Выбрать главу

И, наверное, стоит в праздничные дни, изобилующие, что поделаешь, так принято, торжественно-парадными мероприятиями и фанфарной риторикой, как-то напоминать о фронтовой реальности — ран, крови, невыносимого блиндажного и окопного быта, каменной усталости от маршей, от рытья траншей, потому что именно из нее, этой неприглядной, «неромантизированной» реальности, и выросла Победа.

Процитирую один давний, написанный в апреле 1944 года, а напечатанный у нас через тридцать пять лет очерк Константина Симонова. Хочу сразу же подчеркнуть, что речь в нем идет о времени нашего успешного наступления, а не о той трагической поре, когда «драпать» приходилось нам, и мы оставляли врагу одну за другой области, республики — гитлеровцы оказались на расстоянии пушечного выстрела от Москвы, взяли в смертельное блокадное кольцо Ленинград, видели Волгу в Сталинграде, прорвались на Кавказ. И не о том повествует автор очерка, что происходит в бою, что переживает пехотинец, поднимаясь под пулеметным огнем в атаку, или наводчик «сорокапятки» на открытой позиции, когда на него прет танк.
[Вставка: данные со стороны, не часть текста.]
Lemma cbasis_free (b : 'I_n -> S) : (forall i, Ka (b i)) ->
  \sum_(i < n) mul (b i) (cbasis i) = 0 -> forall i, b i = 0.
Proof.
move=> Kb sum0 i.
have distinct j j' : mul (b j) (cbasis j) != 0 ->
    chi (mul (b j) (cbasis j)) = chi (mul (b j') (cbasis j')) -> j = j'.
  move=> t_neq0 chi_eq.
  have bj_neq0 : b j != 0 by apply: contraNneq t_neq0 => ->; rewrite amul0l.
  have bj'_neq0 : b j' != 0.
    apply: contraNneq t_neq0 => bj'0; apply/eqP/chi_eq0.
    by rewrite chi_eq bj'0 amul0l chi0.
  have [k chi_j] := chi_mul_cbasis j (Kb j) bj_neq0.
  have [k' chi_j'] := chi_mul_cbasis j' (Kb j') bj'_neq0.
  move: chi_eq; rewrite chi_j chi_j' => -[] /(congr1 (modn^~ m)).
  rewrite !modnMDl !deg_cbasis_mod => /val_inj; exact: enum_val_inj.
have := sum_distinct_eq0 distinct sum0 i; apply: contraPeq => bi_neq0.
by apply/eqP; apply: amul_neq0 (cbasis_neq0 i).
Qed.

Lemma cbasis_is_left_basis : is_left_basis mul Ka C cbasis.
Proof.
split; [exact: cbasis_centralizer | exact: spanned_centralizer | exact: cbasis_free].
Qed.

Lemma centralizer_basis_dvdn :
  exists (k : nat) (c : 'I_k -> S), is_left_basis mul Ka C c /\ (k %| m)%N.
Proof.
by exists n, cbasis; split; [apply: cbasis_is_left_basis | apply: card_residues_dvdn].
Qed.

End Algebra.

Theorem theorem2p10 (K : fieldType) (S : lmodType K) (mul : S -> S -> S)
  (one : S) (chi : S -> option int) (a : S) (m : nat) :
  2 \notin [pchar K] ->
  is_unital_algebra mul one ->
  is_pseudo_degree mul chi ->
  in_nucleus mul a ->
  chi a = Some (m%:Z) -> (0 < m)%N ->
  condD1 chi (centralizer mul a) ->
  exists (n : nat) (c : 'I_n -> S),
    is_left_basis mul (gen_subalg mul one a) (centralizer mul a) c /\ (n %| m)%N.
Proof.
move=> _ mulS chi_pd a_nucleus chi_a m_gt0 C_D1.
exact: (centralizer_basis_dvdn mulS chi_pd a_nucleus chi_a m_gt0 C_D1).
Qed.
Theorem lemma3p2 (T : finType) (e : rel T) (A B : {set T}) :
  symmetric e -> irreflexive e ->
  A :&: B = set0 -> A :|: B = [set: T] ->
  cmp e [set: T] <= maxn (cmp e A) (cmp e B) + #|nbhd e B|.
Proof.
move=> se ie AB AUB.
have -> : B = ~: A.
  apply/setP => x; move/setP/(_ x): AB; move/setP/(_ x): AUB; rewrite !inE.
  by case: (x \in A); case: (x \in B).
have [fA [WA [/suitable_fdP sfdA wA]]] := cmpP A se ie.
have [fB [WB [/suitable_fdP sfdB wB]]] := cmpP (~: A) se ie.
have sfd0 := sfd_join sfdA sfdB.
have [|F f0F spanF] := spanning_forest_ext (e := sub_rel e setT) (sub_rel_sym _ se)
  (sfd_sym sfd0) (sfd_forest sfd0).
  by move=> x y /(sfd_sub sfd0) /and3P [xT yT /orP [] /and3P [_ _ exy]];
    rewrite /sub_rel /= xT yT exy.
apply: cmp_min; exists F, (glue_bags F (nbhd e (~: A)) (join_bags A WA WB)).
split.
  apply/suitable_fdP; apply: (sfd_glue sfd0 ie f0F spanF (subsetT _)).
  by move=> u v _ _; apply: cross_edge_nbhd.
apply: leq_trans (fd_width_glue _ _ _ _) _; rewrite leq_add2r.
by apply: leq_trans (fd_width_join _ _ _) _; rewrite geq_max !leq_max wA wB orbT.
Qed.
Речь идет всего-навсего о фронтовой дороге во время весенней распутицы. В популярной песне военных лет этому вполне заурядному явлению солдатской жизни посвящены были почти элегические строки: «Дует теплый ветер. Развезло дороги, и на Южном фронте оттепель опять. Тает снег в Ростове, тает в Таганроге, — эти дни когда-нибудь мы будем вспоминать». В действительности же это выглядело так:

«Как бы ни приходилось мокнуть, дрогнуть и чертыхаться на дорогах нашему брату — военному корреспонденту, — писал Симонов, — все его жалобы на то, что ему чаще приходится тащить машину на себе, чем ехать на ней, в конце концов просто смешны перед лицом того, что делает сейчас самый обыкновенный рядовой пехотинец, один из миллионов, идущих по этим дорогам, иногда совершая переходы по сорок километров в сутки. На шее у него автомат, за спиной полная выкладка. Он несет на себе все, что требуется солдату в пути. Человек проходит там, где не проходит машина, и в дополнение к тому, что он и без того нес на себе, несет на себе и то, что должно ехать. Он идет в условиях, приближающихся к жизни пещерного человека, порой по нескольку суток забывая о том, что такое огонь. Шинель уже месяц не высыхает на нем до конца. И он постоянно чувствует на плечах ее сырость. Во время марша ему часами негде отдохнуть — кругом такая грязь, что в ней можно только тонуть по колено. Он иногда по суткам не видит горячей пищи, ибо вслед за ним не могут пройти не только машины, но и лошади с кухней. У него нет табака, потому что табак тоже где-то застрял. На него каждые сутки в конденсированном виде сваливается такое количество испытаний, которые другому человеку не выпадут за всю его жизнь».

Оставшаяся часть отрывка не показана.